Aggregating is the act of collecting something together and is a cornerstone of big data analytics.
In an aggregation, you will specify a key or grouping and an aggregation function that specifies
how you should transform one or more columns. This function must produce one result for each
group, given multiple input values. Spark’s aggregation capabilities are sophisticated and mature,
with a variety of different use cases and possibilities

* Spark also allows us to create the following groupings types
  * The **simplest grouping** is to just summarize a complete DataFrame by performing an aggregation in a select statement.
  * A **group by** allows you to specify one or more keys as well as one or more aggregation functions to transform the value columns.
  * A **window** gives you the ability to specify one or more keys as well as one or more aggregation functions to transform the value columns. However, the rows input to the function are somehow related to the current row.
  * A **grouping set,** which you can use to aggregate at multiple different levels. Grouping sets are available as a primitive in SQL and via rollups and cubes in DataFrames.
  * A **rollup** makes it possible for you to specify one or more keys as well as one or more aggregation functions to transform the value columns, which will be summarized hierarchically.
  * A **cube** allows you to specify one or more keys as well as one or more aggregation functions to transform the value columns, which will be summarized across all combinations of columns.
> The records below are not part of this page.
(* Assume the Diagonal Conjecture (DC) holds: for every $r \ge 2$, all integers $3 \le s \le t$ and all integers $k_3,\dots,k_r \ge 2$, we have $R(s,t,k_3,\dots,k_r) \ge R(s-1,t+1,k_3,\dots,k_r)$. If $\lim_{r\to\infty} R_r(3)^{1/r}$ is finite, then $\lim_{r\to\infty} R_r(k)^{1/r}$ is finite for every integer $k \ge 3$.
   Context: $R(k_1,\dots,k_r)$ denotes the multicolor Ramsey number: the least $n$ such that every coloring of the edges of $K_n$ with $r$ colors contains, for some $i$, a complete subgraph $K_{k_i}$ all of whose edges have color $i$; it is symmetric in its arguments. $R_r(k)=R(k,\dots,k)$ with $r$ arguments equal to $k$. It is known that for each $k$ the limit $\lim_{r\to\infty} R_r(k)^{1/r}$ exists (possibly infinite). *)

From Stdlib Require Import Reals ClassicalEpsilon.
From mathcomp Require Import all_boot.

Set Implicit Arguments. Unset Strict Implicit. Unset Printing Implicit Defensive.

(* An r-colouring of the edges of K_n (r = size ks) is given by a function
   c : 'I_n -> 'I_n -> 'I_r, where the colour of the edge {x,y} with x < y is
   c x y (values with x >= y are irrelevant).
   [arrows n ks] : every such colouring contains, for some colour i, a set S
   of nth 0 ks i vertices all of whose edges have colour i. *)
Definition mono_clique (n r : nat) (c : 'I_n -> 'I_n -> 'I_r) (i : 'I_r)
  (S : {set 'I_n}) : Prop :=
  forall x y : 'I_n, x \in S -> y \in S -> (x < y)%N -> c x y = i.

Definition arrows (n : nat) (ks : seq nat) : Prop :=
  forall c : 'I_n -> 'I_n -> 'I_(size ks),
    exists (i : 'I_(size ks)) (S : {set 'I_n}),
      #|S| = nth 0%N ks i /\ mono_clique c i S.

Definition arrowsb (n : nat) (ks : seq nat) : bool :=
  if excluded_middle_informative (arrows n ks) then true else false.

(* Multicolour Ramsey number R(k_1,...,k_r) with r = size ks: the least n
   with [arrows n ks] (defaults to 0 if no such n exists, which never happens
   for r >= 1 by Ramsey's theorem). *)
Definition ramsey (ks : seq nat) : nat :=
  match excluded_middle_informative (exists n, arrowsb n ks) with
  | left h => ex_minn h
  | right _ => 0%N
  end.

Definition ramsey_diag (r k : nat) : nat := ramsey (nseq r k).

Definition ramsey_root (k r : nat) : R :=
  Rpower (INR (ramsey_diag r k)) (/ INR r).

Definition diagonal_conjecture : Prop :=
  forall (s t : nat) (ks : seq nat),
    (3 <= s)%N -> (s <= t)%N -> all (fun k => 2 <= k)%N ks ->
    (ramsey [:: s.-1, t.+1 & ks] <= ramsey [:: s, t & ks])%N.

(* Under the Diagonal Conjecture, trading R(s, t, ...) for R(s-1, t+1, ...) and discarding
   colours that only ask for an edge turns one colour k into k-2 colours 3, so
   R_r(k) <= R_(r(k-2))(3) and R_r(k)^(1/r) stays below (sup_m R_m(3)^(1/m))^(k-2).
   The lexicographic product of two critical colourings makes R_r(k) - 1 supermultiplicative
   in r, so by Fekete's lemma log(R_r(k) - 1)/r converges, to a finite limit by the bound. *)

From Stdlib Require Import Reals Lra Classical ClassicalEpsilon.
From mathcomp Require Import all_boot zify.
From Coquelicot Require Import Coquelicot.

Set Implicit Arguments. Unset Strict Implicit. Unset Printing Implicit Defensive.
Local Open Scope nat_scope.

Lemma arrowsbP n ks : reflect (arrows n ks) (arrowsb n ks).
Proof. by rewrite /arrowsb; case: excluded_middle_informative => h; constructor. Qed.
(* Let $\mu\ge 2$ be an integer. For a prime $p$ and integer $r\ge 1$ set $$\mathrm{weight}(p,r)=\log_2 I_{1/p}(r-1,\mu)-\log_2 I_{1/p}(r,\mu),\qquad \mathrm{density}(p,r)=\frac{\log_2 p}{\mathrm{weight}(p,r)}.$$ Then for every fixed prime $p$, $\mathrm{density}(p,r)$ is decreasing in $r\ge 1$, and $\mathrm{density}(p,1)=\dfrac{\ln p}{-\ln\big(1-(1-1/p)^\mu\big)}$ is non-increasing as a function of the prime $p$.
   Context: For $\epsilon\in(0,1)$ and integers $k\ge 0$, $\mu\ge 1$, the regularized (incomplete) beta function is $I_\epsilon(k,\mu)=(1-\epsilon)^\mu\sum_{j=k}^{\infty}\binom{\mu+j-1}{j}\epsilon^j$; in particular $I_\epsilon(0,\mu)=1$ and $I_\epsilon(1,\mu)=1-(1-\epsilon)^\mu$. *)

From Stdlib Require Import Reals ZArith Znumtheory.
From Coquelicot Require Import Coquelicot.
Open Scope R_scope.

Definition log2 (x : R) : R := ln x / ln 2.

Definition Ibeta (eps : R) (k mu : nat) : R :=
  (1 - eps) ^ mu *
  Series (fun j : nat =>
            if (k <=? j)%nat then Binomial.C (mu + j - 1) j * eps ^ j else 0).

Definition weight (mu p r : nat) : R :=
  log2 (Ibeta (/ INR p) (r - 1) mu) - log2 (Ibeta (/ INR p) r mu).

Definition density (mu p r : nat) : R := log2 (INR p) / weight mu p r.

Definition is_prime (p : nat) : Prop := prime (Z.of_nat p).

From Stdlib Require Import Reals ZArith Znumtheory Lia Lra.
From Coquelicot Require Import Coquelicot.
Open Scope R_scope.

(* With e = 1/p, m = mu - 1 and T_k = sum_{j >= k} C(m + j, j) e^j, one has
   I_e(k, mu) = (1 - e)^mu T_k, so density(p, r) = ln p / (ln T_(r-1) - ln T_r).
   For m >= 1 the terms C(m + j, j) e^j form a strictly log-concave sequence,
   hence so do the tails T_k, and the weights strictly increase with r.
   Since T_0 = (1 - e)^(-mu) and T_1 = T_0 - 1, density(p, 1) = y / h(y) with
   y = ln p and h(y) = -ln (1 - (1 - exp (-y))^mu).  As h(0) = 0 and
   h'(y) = mu w^m / (1 + w + ... + w^m), w = 1 - exp (-y), is nondecreasing,
   the slope h(y) / y is nondecreasing. *)

Lemma Series_nonneg (a : nat -> R) :
  (forall n, 0 <= a n) -> ex_series a -> 0 <= Series a.
Proof.
  intros Ha Hex.
  assert (H := Series_le (fun n => 0 * a n) a
                 ltac:(intros n; specialize (Ha n); lra) Hex).
  now rewrite Series_scal_l, Rmult_0_l in H.
Qed.

Lemma Series_pos (a : nat -> R) :
  (forall n, 0 < a n) -> ex_series a -> 0 < Series a.
Proof.
  intros Ha Hex. rewrite Series_incr_1 by exact Hex.
  assert (0 <= Series (fun k => a (S k))).
  { apply Series_nonneg; [intros n; left; apply Ha|].
    now apply (ex_series_incr_1 a). }
  specialize (Ha 0%nat). lra.
Qed.

Definition tail (a : nat -> R) (k : nat) : R := Series (fun j => a (k + j)%nat).

Section Tails.

Variable a : nat -> R.
Hypothesis a_pos : forall j, 0 < a j.
Hypothesis a_summable : ex_series a.

Lemma ex_series_shift k : ex_series (fun j => a (k + j)%nat).
Proof. now apply ex_series_incr_n. Qed.

Lemma tail_S k : tail a k = a k + tail a (S k).
Proof.
  unfold tail. rewrite Series_incr_1 by apply ex_series_shift.
  rewrite Nat.add_0_r. f_equal. apply Series_ext. intros n. f_equal. lia.
Qed.
Lemma powR_scaled_le (dl x y r alpha p : R) :
  0 <= x -> 0 <= y -> 0 <= dl -> 0 < r -> 0 < alpha < 1 -> 0 < p ->
  dl <= 2 * x + r * y ->
  (dl * (r `^ alpha)^-1) `^ p
    <= 8 `^ p * ((x * ((2 * r) `^ alpha)^-1) `^ p + ((2 * r) `^ (1 - alpha) * y) `^ p).
Proof.
move=> x0 y0 dl0 r0 /andP[a0 a1] p0 hdl.
set kr := (r `^ alpha)^-1; set ka := ((2 * r) `^ alpha)^-1.
set kb := (2 * r) `^ (1 - alpha).
have kr0 : 0 < kr by rewrite invr_gt0 powR_gt0.
have hka : 2 * kr <= 4 * ka.
  have rA0 := powR_gt0 alpha r0.
  have : (2 * r `^ alpha)^-1 <= ka.
    rewrite lef_pV2 ?posrE ?powR_gt0 ?mulr_gt0 //.
    by rewrite powR_double_le ?(ltW r0) ?(ltW a0) ?(ltW a1).
  by rewrite invfM -/kr; lra.
have hkb : r * kr <= kb by apply: mul_invpowR_le; lra.
apply: powR_le_8_sum; rewrite ?mulr_ge0 ?invr_ge0 ?powR_ge0 ?(ltW kr0) //.
have : dl * kr <= (2 * x + r * y) * kr by rewrite ler_pM2r.
nra.
Qed.

Local Open Scope ereal_scope.

Lemma lee_poweR (x y : \bar R) (p : R) : (0 <= p)%R -> 0 <= x -> x <= y ->
  poweR x p <= poweR y p.
Proof.
move=> p0 x0 xy; apply: gt0_ler_poweR => //.
- by rewrite in_itv /= x0 leey.
- by rewrite in_itv /= leey andbT (le_trans x0 xy).
Qed.

Lemma poweRV_le_powR (I : \bar R) (c p : R) : 0 <= I -> (0 < p)%R ->
  poweR I p^-1 <= c%:E -> I <= (c `^ p)%:E.
Proof.
move=> I0 p0 h.
have -> : I = poweR (poweR I p^-1) p by rewrite -poweRrM mulVf ?gt_eqF // poweRe1.
by rewrite -poweR_EFin; apply: lee_poweR; rewrite ?poweR_ge0 ?(ltW p0).
Qed.

Lemma poweR_scaled_le (Dl X Y : \bar R) (r alpha p : R) :
  0 <= X -> 0 <= Y -> 0 <= Dl -> (0 < r)%R -> (0 < alpha < 1)%R -> (0 < p)%R ->
  Dl <= X + X + r%:E * Y ->
  poweR (Dl * ((r `^ alpha)^-1)%:E) p
    <= (8 `^ p)%:E * (poweR (X * (((2 * r) `^ alpha)^-1)%:E) p
                     + poweR (((2 * r) `^ (1 - alpha))%:E * Y) p).
Proof.
move=> X0 Y0 Dl0 r0 alpha_itv p0 hDl.
have ka0 : (0 < ((2 * r) `^ alpha)^-1)%R by rewrite invr_gt0 powR_gt0 ?mulr_gt0.
have kb0 : (0 < (2 * r) `^ (1 - alpha))%R by rewrite powR_gt0 ?mulr_gt0.
have pn0 : p != 0%R by rewrite gt_eqF.
case: X X0 hDl => [x| |] //= x0 hDl; last first.
  rewrite gt0_mulye ?lte_fin // poweRyr // addye; last first.
    by rewrite -ltNye (lt_le_trans _ (poweR_ge0 _ _)).
  by rewrite gt0_muley ?lte_fin ?leey.
case: Y Y0 hDl => [y| |] //= y0 hDl; last first.
  rewrite gt0_muley ?lte_fin // poweRyr // addey; last by [].
  by rewrite gt0_muley ?lte_fin ?leey.
case: Dl Dl0 hDl => [dl| |] //= dl0; rewrite -!EFinM -!EFinD lee_fin => hdl.
by rewrite lee_fin; apply: powR_scaled_le => //; lra.
Qed.

End Powers.

Section Arc.
Context {R : realType}.
Variables (g : R -> 'rV[R]_3) (l : R).
Hypothesis hg : arclength_arc g l.

Lemma arclength_arc_lipschitz s t : 0 <= s -> s <= t -> t <= l ->
  enorm (g t - g s) <= t - s.
Proof.
case: hg => _ _ hlen s0 st tl; rewrite -lee_fin -(hlen s t s0 st tl).
apply: ereal_sup_ubound => /=.
exists 1%N, (fun k => if k is 0%N then s else t); split => //.
  by case.
by rewrite big_ord1.
Qed.

Definition clamp (s : R) : R := Num.min l (Num.max 0 s).

Lemma clamp_id s : 0 <= s -> s <= l -> clamp s = s.
Proof. by move=> s0 sl; rewrite /clamp (max_idPr s0) (min_idPr sl). Qed.

Lemma clamp_itv s : 0 <= clamp s <= l.
Proof.
have l0 : 0 <= l by case: hg => /ltW.
by rewrite /clamp !minEle !maxEle; case: ifP; case: ifP; lra.
Qed.

Lemma clampB_itv s t : s <= t -> 0 <= clamp t - clamp s <= t - s.
Proof.
have l0 : 0 <= l by case: hg => /ltW.
by move=> st; rewrite /clamp !minEle !maxEle; repeat case: ifP; lra.
Qed.

(* [g] continued by constants outside [0, l], so that lower semicontinuity
   arguments can be run on all of R *)
Definition extend_arc (s : R) : 'rV[R]_3 := g (clamp s).

Lemma extend_arcE s : 0 <= s <= l -> extend_arc s = g s.
Proof. by move=> /andP[s0 sl]; rewrite /extend_arc clamp_id. Qed.

Lemma extend_arc_lipschitz s t : enorm (extend_arc t - extend_arc s) <= `|t - s|.
Proof.
wlog st : s t / s <= t.
  move=> H; have [/H //|/ltW ts] := leP s t.
  by rewrite enorm_distC distrC; apply: H.
have := @clampB_itv s t st; have := clamp_itv s; have := clamp_itv t.
move=> /andP[ct0 ctl] /andP[cs0 csl] /andP[c0 cst].
rewrite ger0_norm ?subr_ge0 //.
by apply: le_trans cst; apply: arclength_arc_lipschitz => //; lra.
Qed.

End Arc.

Section Ball_sup.
Context {R : realType}.
Notation P3 := 'rV[R]_3.
Variables (C : set P3) (h : P3 -> R) (d : R).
* Each grouping returns a RelationalGroupedDataset on which we specify our aggregations.

In [1]:
from pyspark.sql import SparkSession
spark = SparkSession.builder.appName("Chapter 7").getOrCreate()

23/07/26 07:40:29 WARN Utils: Your hostname, FM-PC-LT-342 resolves to a loopback address: 127.0.1.1; using 192.168.1.87 instead (on interface wlp0s20f3)
23/07/26 07:40:29 WARN Utils: Set SPARK_LOCAL_IP if you need to bind to another address
Setting default log level to "WARN".
To adjust logging level use sc.setLogLevel(newLevel). For SparkR, use setLogLevel(newLevel).
23/07/26 07:40:29 WARN NativeCodeLoader: Unable to load native-hadoop library for your platform... using builtin-java classes where applicable


In [2]:
spark

In [5]:
df = spark.read.format("csv").\
    option("header","true").\
    option("inferSchema","true").\
    load("/home/fm-pc-lt-342/Documents/Spark Docx/spark_practice/datas/retail-data/online-retail-dataset.csv").coalesce(5)

In [6]:
df.cache()
df.createOrReplaceTempView("dfTable")

In [7]:
df.count()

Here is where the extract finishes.